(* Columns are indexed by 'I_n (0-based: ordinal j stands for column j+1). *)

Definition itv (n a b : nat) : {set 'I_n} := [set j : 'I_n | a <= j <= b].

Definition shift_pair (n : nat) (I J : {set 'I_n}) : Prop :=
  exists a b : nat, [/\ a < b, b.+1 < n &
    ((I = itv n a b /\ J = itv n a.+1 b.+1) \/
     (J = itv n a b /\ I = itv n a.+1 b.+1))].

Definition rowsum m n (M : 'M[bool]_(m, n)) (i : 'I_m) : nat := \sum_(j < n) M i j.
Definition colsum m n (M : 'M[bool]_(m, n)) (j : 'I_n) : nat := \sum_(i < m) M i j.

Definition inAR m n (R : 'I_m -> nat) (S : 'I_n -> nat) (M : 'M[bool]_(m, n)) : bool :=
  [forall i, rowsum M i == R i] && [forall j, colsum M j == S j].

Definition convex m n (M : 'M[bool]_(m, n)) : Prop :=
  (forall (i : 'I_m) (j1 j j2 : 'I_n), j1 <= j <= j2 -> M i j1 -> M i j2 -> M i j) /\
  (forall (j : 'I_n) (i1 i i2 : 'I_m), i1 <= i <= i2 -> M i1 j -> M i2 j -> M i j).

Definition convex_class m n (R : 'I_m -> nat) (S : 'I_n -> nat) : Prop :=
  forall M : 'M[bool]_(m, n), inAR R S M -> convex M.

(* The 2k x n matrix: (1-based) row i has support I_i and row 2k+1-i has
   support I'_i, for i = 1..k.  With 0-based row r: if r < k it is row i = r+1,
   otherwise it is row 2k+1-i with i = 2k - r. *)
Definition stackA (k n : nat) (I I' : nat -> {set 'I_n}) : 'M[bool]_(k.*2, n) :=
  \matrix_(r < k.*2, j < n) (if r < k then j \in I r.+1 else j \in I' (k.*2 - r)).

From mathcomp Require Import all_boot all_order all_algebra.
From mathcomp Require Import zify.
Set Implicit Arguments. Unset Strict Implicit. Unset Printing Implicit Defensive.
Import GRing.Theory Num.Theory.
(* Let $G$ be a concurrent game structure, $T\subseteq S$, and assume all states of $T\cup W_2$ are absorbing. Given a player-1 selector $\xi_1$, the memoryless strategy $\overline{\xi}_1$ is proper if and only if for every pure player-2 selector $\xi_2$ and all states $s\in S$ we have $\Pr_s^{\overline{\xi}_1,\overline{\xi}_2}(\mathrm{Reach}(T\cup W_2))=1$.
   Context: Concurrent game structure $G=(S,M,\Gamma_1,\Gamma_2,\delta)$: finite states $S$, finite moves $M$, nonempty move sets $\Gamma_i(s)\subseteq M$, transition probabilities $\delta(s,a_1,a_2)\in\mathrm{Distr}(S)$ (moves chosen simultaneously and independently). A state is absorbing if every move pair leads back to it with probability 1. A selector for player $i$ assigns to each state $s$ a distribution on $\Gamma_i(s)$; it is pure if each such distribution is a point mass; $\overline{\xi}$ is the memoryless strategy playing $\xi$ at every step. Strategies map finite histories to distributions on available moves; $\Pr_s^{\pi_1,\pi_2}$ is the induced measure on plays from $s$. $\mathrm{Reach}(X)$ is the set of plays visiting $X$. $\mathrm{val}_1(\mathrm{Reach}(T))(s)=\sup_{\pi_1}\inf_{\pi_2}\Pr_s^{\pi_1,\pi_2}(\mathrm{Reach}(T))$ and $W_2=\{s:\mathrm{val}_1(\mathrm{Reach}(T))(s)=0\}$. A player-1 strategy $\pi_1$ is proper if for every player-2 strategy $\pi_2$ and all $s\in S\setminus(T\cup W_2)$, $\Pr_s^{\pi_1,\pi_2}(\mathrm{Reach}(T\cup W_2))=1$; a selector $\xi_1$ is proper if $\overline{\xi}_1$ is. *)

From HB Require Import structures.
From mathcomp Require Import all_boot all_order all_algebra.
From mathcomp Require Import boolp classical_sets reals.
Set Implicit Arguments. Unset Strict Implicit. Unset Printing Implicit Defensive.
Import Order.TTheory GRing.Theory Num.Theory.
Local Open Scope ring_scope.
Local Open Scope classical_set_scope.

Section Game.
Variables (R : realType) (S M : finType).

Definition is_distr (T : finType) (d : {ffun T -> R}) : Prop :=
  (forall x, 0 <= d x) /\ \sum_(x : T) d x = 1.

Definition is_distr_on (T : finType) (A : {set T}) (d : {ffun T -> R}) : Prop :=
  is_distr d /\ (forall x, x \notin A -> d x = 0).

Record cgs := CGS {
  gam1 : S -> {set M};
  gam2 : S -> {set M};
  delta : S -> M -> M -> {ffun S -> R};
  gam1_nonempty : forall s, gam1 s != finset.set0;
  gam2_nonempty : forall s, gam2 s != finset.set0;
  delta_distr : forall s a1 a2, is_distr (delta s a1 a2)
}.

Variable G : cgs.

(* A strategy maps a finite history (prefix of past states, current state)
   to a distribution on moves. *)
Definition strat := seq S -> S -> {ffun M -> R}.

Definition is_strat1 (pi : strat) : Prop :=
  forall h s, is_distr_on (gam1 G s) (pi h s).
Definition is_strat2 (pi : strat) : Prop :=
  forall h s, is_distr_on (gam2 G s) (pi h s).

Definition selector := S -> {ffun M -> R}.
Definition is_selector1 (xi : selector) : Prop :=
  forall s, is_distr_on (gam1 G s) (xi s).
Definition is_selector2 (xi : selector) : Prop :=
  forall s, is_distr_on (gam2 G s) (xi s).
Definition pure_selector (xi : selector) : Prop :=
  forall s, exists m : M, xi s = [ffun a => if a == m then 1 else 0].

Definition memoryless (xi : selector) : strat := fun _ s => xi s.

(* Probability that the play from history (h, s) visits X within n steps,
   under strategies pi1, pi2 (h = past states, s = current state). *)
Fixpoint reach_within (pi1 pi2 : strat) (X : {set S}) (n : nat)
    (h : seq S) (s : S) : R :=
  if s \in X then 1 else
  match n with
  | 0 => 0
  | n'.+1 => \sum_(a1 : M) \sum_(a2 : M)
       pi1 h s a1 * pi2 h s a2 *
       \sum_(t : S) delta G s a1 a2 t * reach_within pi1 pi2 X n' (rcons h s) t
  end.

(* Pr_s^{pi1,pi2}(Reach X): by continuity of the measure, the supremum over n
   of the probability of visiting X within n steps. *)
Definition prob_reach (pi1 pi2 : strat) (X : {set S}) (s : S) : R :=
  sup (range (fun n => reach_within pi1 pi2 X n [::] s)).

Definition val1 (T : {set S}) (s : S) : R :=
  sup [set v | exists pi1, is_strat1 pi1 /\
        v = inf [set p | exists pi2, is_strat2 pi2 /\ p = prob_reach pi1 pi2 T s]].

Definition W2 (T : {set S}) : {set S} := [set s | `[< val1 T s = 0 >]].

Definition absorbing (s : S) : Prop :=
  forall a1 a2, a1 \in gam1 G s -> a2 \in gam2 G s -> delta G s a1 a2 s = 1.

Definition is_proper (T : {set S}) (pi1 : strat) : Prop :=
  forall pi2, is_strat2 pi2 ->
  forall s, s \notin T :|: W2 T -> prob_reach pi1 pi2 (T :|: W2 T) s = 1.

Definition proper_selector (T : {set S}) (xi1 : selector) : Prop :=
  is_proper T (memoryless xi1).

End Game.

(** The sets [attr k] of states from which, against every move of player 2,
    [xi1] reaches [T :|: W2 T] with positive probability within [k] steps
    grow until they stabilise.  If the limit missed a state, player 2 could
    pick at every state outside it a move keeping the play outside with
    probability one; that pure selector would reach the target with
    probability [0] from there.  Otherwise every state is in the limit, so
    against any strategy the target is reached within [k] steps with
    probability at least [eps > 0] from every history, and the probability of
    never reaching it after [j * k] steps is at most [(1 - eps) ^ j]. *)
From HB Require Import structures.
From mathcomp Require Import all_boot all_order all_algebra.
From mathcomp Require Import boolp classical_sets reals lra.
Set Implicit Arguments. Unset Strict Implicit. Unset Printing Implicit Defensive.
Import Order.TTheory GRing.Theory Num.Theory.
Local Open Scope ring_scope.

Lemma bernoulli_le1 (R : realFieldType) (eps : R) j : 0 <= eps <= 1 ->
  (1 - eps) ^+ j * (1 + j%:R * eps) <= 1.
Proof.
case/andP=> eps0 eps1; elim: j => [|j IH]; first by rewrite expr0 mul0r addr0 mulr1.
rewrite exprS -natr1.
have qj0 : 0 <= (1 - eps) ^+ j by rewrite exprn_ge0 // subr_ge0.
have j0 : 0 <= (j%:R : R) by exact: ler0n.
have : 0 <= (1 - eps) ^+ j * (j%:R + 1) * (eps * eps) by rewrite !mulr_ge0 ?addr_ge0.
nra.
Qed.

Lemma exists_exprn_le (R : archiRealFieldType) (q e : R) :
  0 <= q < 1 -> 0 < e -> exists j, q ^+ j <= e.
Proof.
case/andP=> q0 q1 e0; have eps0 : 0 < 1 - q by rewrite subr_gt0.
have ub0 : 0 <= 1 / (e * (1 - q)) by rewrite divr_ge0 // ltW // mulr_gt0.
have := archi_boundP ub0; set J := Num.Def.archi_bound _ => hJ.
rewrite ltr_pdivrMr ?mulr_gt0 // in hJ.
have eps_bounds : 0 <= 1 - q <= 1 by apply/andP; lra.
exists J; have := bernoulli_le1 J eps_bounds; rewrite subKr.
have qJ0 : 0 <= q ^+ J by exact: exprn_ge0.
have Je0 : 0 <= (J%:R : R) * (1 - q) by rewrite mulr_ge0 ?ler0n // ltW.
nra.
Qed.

▬▬▬

= About this task =
Give back precisely the lines above that start at the line containing "forall s, is_distr_on (gam2 G s) (xi s)." and end at the line containing "of the probability", inclusive. No other lines belong in the output.

= Completed exercise =
  forall s, is_distr_on (gam2 G s) (xi s).
Definition pure_selector (xi : selector) : Prop :=
  forall s, exists m : M, xi s = [ffun a => if a == m then 1 else 0].

Definition memoryless (xi : selector) : strat := fun _ s => xi s.

(* Probability that the play from history (h, s) visits X within n steps,
   under strategies pi1, pi2 (h = past states, s = current state). *)
Fixpoint reach_within (pi1 pi2 : strat) (X : {set S}) (n : nat)
    (h : seq S) (s : S) : R :=
  if s \in X then 1 else
  match n with
  | 0 => 0
  | n'.+1 => \sum_(a1 : M) \sum_(a2 : M)
       pi1 h s a1 * pi2 h s a2 *
       \sum_(t : S) delta G s a1 a2 t * reach_within pi1 pi2 X n' (rcons h s) t
  end.

(* Pr_s^{pi1,pi2}(Reach X): by continuity of the measure, the supremum over n
   of the probability of visiting X within n steps. *)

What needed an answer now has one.